Moreover, without rent control, low-income individuals and families are left at the mercy of the rental market’s unpredictability. Landlords can raise rents with little restraint, forcing tenants to make impossible choices between paying rent, putting food on the table, or accessing healthcare and education. This level of instability not only harms the well-being of individuals and families, but also undermines the economic resilience of communities.
Communities without rent control are susceptible to rapid gentrification, further exacerbating housing disparities. As affluent individuals and developers move into neighborhoods, property values rise, and long-term residents find themselves priced out. Vulnerable populations are displaced, while the unique cultural and social fabric of these communities is gradually erased.
To address one of America’s most pressing issues, we must come together and prioritize the creation of low-income housing. Investment in affordable housing initiatives, including subsidies, grants, and tax incentives for developers, can help ensure that low-income individuals and families have access to stable, affordable housing options. This, in turn, can mitigate the need for stringent rent control measures.
The most effective antidote to the affordable housing crisis lies in striking a balance between the free market and rent control. Comprehensive rent control policies, if implemented thoughtfully, can prevent excessive rent increases while still allowing landlords to maintain a reasonable return on their investments. Such policies can be tailored to the unique needs of communities, protecting vulnerable renters without stifling the rental market.

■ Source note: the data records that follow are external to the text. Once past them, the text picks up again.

(* Let $\mathsf G=(\mathsf V,\mathsf E)$ be a finite connected graph without loops or multiple edges, with discrete Laplacian $\mathcal L=\mathcal I\mathcal I^T$ acting on $\ell^2(\mathsf V)$. The following assertions are equivalent: (i) $\mathsf G$ is complete; (ii) the semigroup $(e^{-t\mathcal L^2})_{t\ge 0}$ is positive, i.e. $e^{-t\mathcal L^2}f$ has nonnegative entries for all $t\ge0$ and all $f$ with nonnegative entries; (iii) the semigroup $(e^{-t\mathcal L^2})_{t\ge0}$ is $\ell^\infty$-contractive, i.e. $\|e^{-t\mathcal L^2}f\|_\infty\le\|f\|_\infty$ for all $t\ge0$ and all $f\in\mathbb C^V$.
   Context: $V=|\mathsf V|$ and $\ell^2(\mathsf V)=\mathbb C^V$. After fixing an arbitrary orientation of the edges, the incidence matrix $\mathcal I\in\mathbb R^{V\times E}$ has entries $\iota_{\mathsf v\mathsf e}=-1$ if $\mathsf v$ is the initial endpoint of $\mathsf e$, $+1$ if $\mathsf v$ is the terminal endpoint of $\mathsf e$, and $0$ otherwise; $\mathcal L=\mathcal I\mathcal I^T$ is the discrete Laplacian (independent of the orientation). A graph is complete if every pair of distinct vertices is joined by exactly one edge. *)

From HB Require Import structures.
From mathcomp Require Import all_boot all_order all_algebra.
From mathcomp Require Import all_classical all_reals all_analysis.
From mathcomp Require Import complex.
Set Implicit Arguments. Unset Strict Implicit. Unset Printing Implicit Defensive.
Import Order.TTheory GRing.Theory Num.Theory.
Local Open Scope classical_set_scope.
Local Open Scope ring_scope.

Definition simple_graph n (e : rel 'I_n) : Prop := symmetric e /\ irreflexive e.
Definition connected_graph n (e : rel 'I_n) : Prop := forall x y, connect e x y.
Definition complete_graph n (e : rel 'I_n) : Prop := forall x y, x != y -> e x y.

(* Edge list with a fixed orientation: the edge {x,y} with x < y is
   oriented from x (initial) to y (terminal). *)
Definition edges n (e : rel 'I_n) : seq ('I_n * 'I_n) :=
  [seq p <- enum [set: 'I_n * 'I_n] | e p.1 p.2 && (p.1 < p.2)%N].

Definition incidence (R : pzRingType) n (e : rel 'I_n) : 'M[R]_(n, size (edges e)) :=
  \matrix_(v, k) (let p := nth (v, v) (edges e) k in
                  if v == p.1 then -1 else if v == p.2 then 1 else 0).

Definition laplacian (R : pzRingType) n (e : rel 'I_n) : 'M[R]_n :=
  incidence R e *m (incidence R e)^T.

Definition expmx (R : realType) n (M : 'M[R]_n) : 'M[R]_n :=
  \matrix_(i, j) lim ((fun N : nat => \sum_(k < N) (M ^+ k) i j / (k`!)%:R) @ \oo).

Definition heat_bilap (R : realType) n (e : rel 'I_n) (t : R) : 'M[R]_n :=
  expmx ((- t) *: (laplacian R e *m laplacian R e)).

Definition supnorm (R : realType) n (f : 'cV[R[i]]_n) : R :=
  \big[Num.max/0]_(j < n) ComplexField.Normc.normc (f j 0).

Definition positive_semigroup (R : realType) n (P : R -> 'M[R]_n) : Prop :=
  forall t : R, 0 <= t -> forall f : 'cV[R]_n,
    (forall j, 0 <= f j 0) -> forall i, 0 <= (P t *m f) i 0.

Definition linfty_contractive (R : realType) n (P : R -> 'M[R]_n) : Prop :=
  forall t : R, 0 <= t -> forall f : 'cV[R[i]]_n,
    supnorm (map_mx (real_complex R) (P t) *m f) <= supnorm f.

Arguments incidence R {n} e.
Arguments laplacian R {n} e.
Arguments heat_bilap R {n} e t.

From HB Require Import structures.
From mathcomp Require Import all_boot all_order all_algebra.
From mathcomp Require Import all_classical all_reals all_analysis.
From mathcomp Require Import complex.
From mathcomp Require Import ring lra.
Import Order.TTheory GRing.Theory Num.Theory.
Import numFieldNormedType.Exports.
Local Open Scope classical_set_scope.
Local Open Scope ring_scope.
Set Implicit Arguments. Unset Strict Implicit. Unset Printing Implicit Defensive.

(* Since L 1 = 0, every e^{-tL^2} has row sums 1, so the semigroup is positive iff it
   is l^oo-contractive iff all its entries are nonnegative.  For the complete graph
   L^2 = n L, and e^{-tL^2} = (1 - e^{-tn^2}) J/n + e^{-tn^2} Id has nonnegative entries.
   Otherwise, by connectedness, there is an induced path a - b - c; then L a c = 0 while
   (L^2) a c >= 1, so e^{-tL^2} a c = - t (L^2) a c + O(t^2) is negative for small t > 0. *)

Lemma not_complete_induced_path2 n (e : rel 'I_n) :
  connected_graph e -> ~ complete_graph e ->
  exists a b c, [/\ e a b, e b c, a != c & ~~ e a c].
Proof.
move=> e_conn e_not_complete.
have [//|no_path2] := pselect (exists a b c, [/\ e a b, e b c, a != c & ~~ e a c]).
exfalso; apply: e_not_complete => x y xy.
have trans a b c : e a b -> e b c -> a != c -> e a c.
  by move=> ab bc ac; apply/negPn/negP => nac; apply: no_path2; exists a, b, c.
have reach p : path e x p -> last x p = x \/ e x (last x p).
  elim/last_ind: p => [|p z IHp] /=; first by left.
  rewrite rcons_path last_rcons => /andP[/IHp [->|xw] wz]; first by right.
  by have [->|xz] := eqVneq x z; [left | right; exact: trans xw wz xz].
move: xy; have [p xp ->] := connectP (e_conn x y).
by case: (reach p xp) => [->|//]; rewrite eqxx.
Qed.

Section Laplacian.
Variables (R : comPzRingType) (n : nat) (e : rel 'I_n).

Definition incidence_sign (v : 'I_n) (p : 'I_n * 'I_n) : R :=
  if v == p.1 then -1 else if v == p.2 then 1 else 0.

Lemma mem_edges p : (p \in edges e) = e p.1 p.2 && (p.1 < p.2)%N.
Proof. by rewrite mem_filter mem_enum in_setT andbT. Qed.

Lemma uniq_edges : uniq (edges e).
Proof. by rewrite filter_uniq // enum_uniq. Qed.

Lemma laplacianE i j :
  laplacian R e i j = \sum_(p <- edges e) incidence_sign i p * incidence_sign j p.
Proof.
rewrite /laplacian !mxE (big_nth (i, i)) big_mkord.
apply: eq_bigr => k _; rewrite !mxE.
by rewrite (set_nth_default (i, i) (j, j)) ?ltn_ord.
Qed.

Lemma laplacian_sym i j : laplacian R e i j = laplacian R e j i.
Proof. by rewrite !laplacianE; apply: eq_bigr => p _; rewrite mulrC. Qed.

Lemma sum_incidence_sign p : p.1 != p.2 -> \sum_j incidence_sign j p = 0.
Proof.
move=> p12; rewrite (bigD1 p.1) //= (bigD1 p.2) 1?eq_sym //= big1 => [|j /andP[j2 j1]].
  by rewrite /incidence_sign eqxx eq_sym (negbTE p12) eqxx addr0 addNr.
by rewrite /incidence_sign (negbTE j1) (negbTE j2).
Qed.

Lemma laplacian_rowsum i : \sum_j laplacian R e i j = 0.
Proof.
under eq_bigr do rewrite laplacianE.
rewrite exchange_big /= big_seq big1 // => p; rewrite mem_edges => /andP[_ lt12].
by rewrite -mulr_sumr sum_incidence_sign ?mulr0 // neq_ltn lt12.
Qed.

Lemma incidence_sign_mul (i j : 'I_n) (p : 'I_n * 'I_n) : (i < j)%N -> (p.1 < p.2)%N ->
  incidence_sign i p * incidence_sign j p = - (p == (i, j))%:R.
Proof.
case: p => a b /= ij ab; rewrite /incidence_sign /= xpair_eqE (eq_sym a) (eq_sym b).
have ji : (j == i) = false by apply/negbTE; rewrite -val_eqE /= gtn_eqF.
have [<-|ia] := eqVneq i a; first by rewrite ji mulN1r; case: (j == b).
rewrite oppr0; have [ib|_] := eqVneq i b; last by rewrite mul0r.
subst b; have ja : (j == a) = false by apply/negbTE; rewrite -val_eqE /= gtn_eqF ?(ltn_trans ab).
by rewrite ja ji mulr0.
Qed.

Ultimately, the stakes are now too high for further inaction. The absence of rent control jeopardizes people’s well-being, so it is time for a comprehensive approach that combines rent control with a robust investment in low-income housing, ensuring that everyone has the opportunity to secure an affordable, stable, and safe place to live.
Otherwise, we risk pushing our most vulnerable citizens further into the abyss of housing insecurity, where the American dream of a stable home is nothing more than a distant, fading aspiration. And then, the American Dream truly becomes a Halloween nightmare.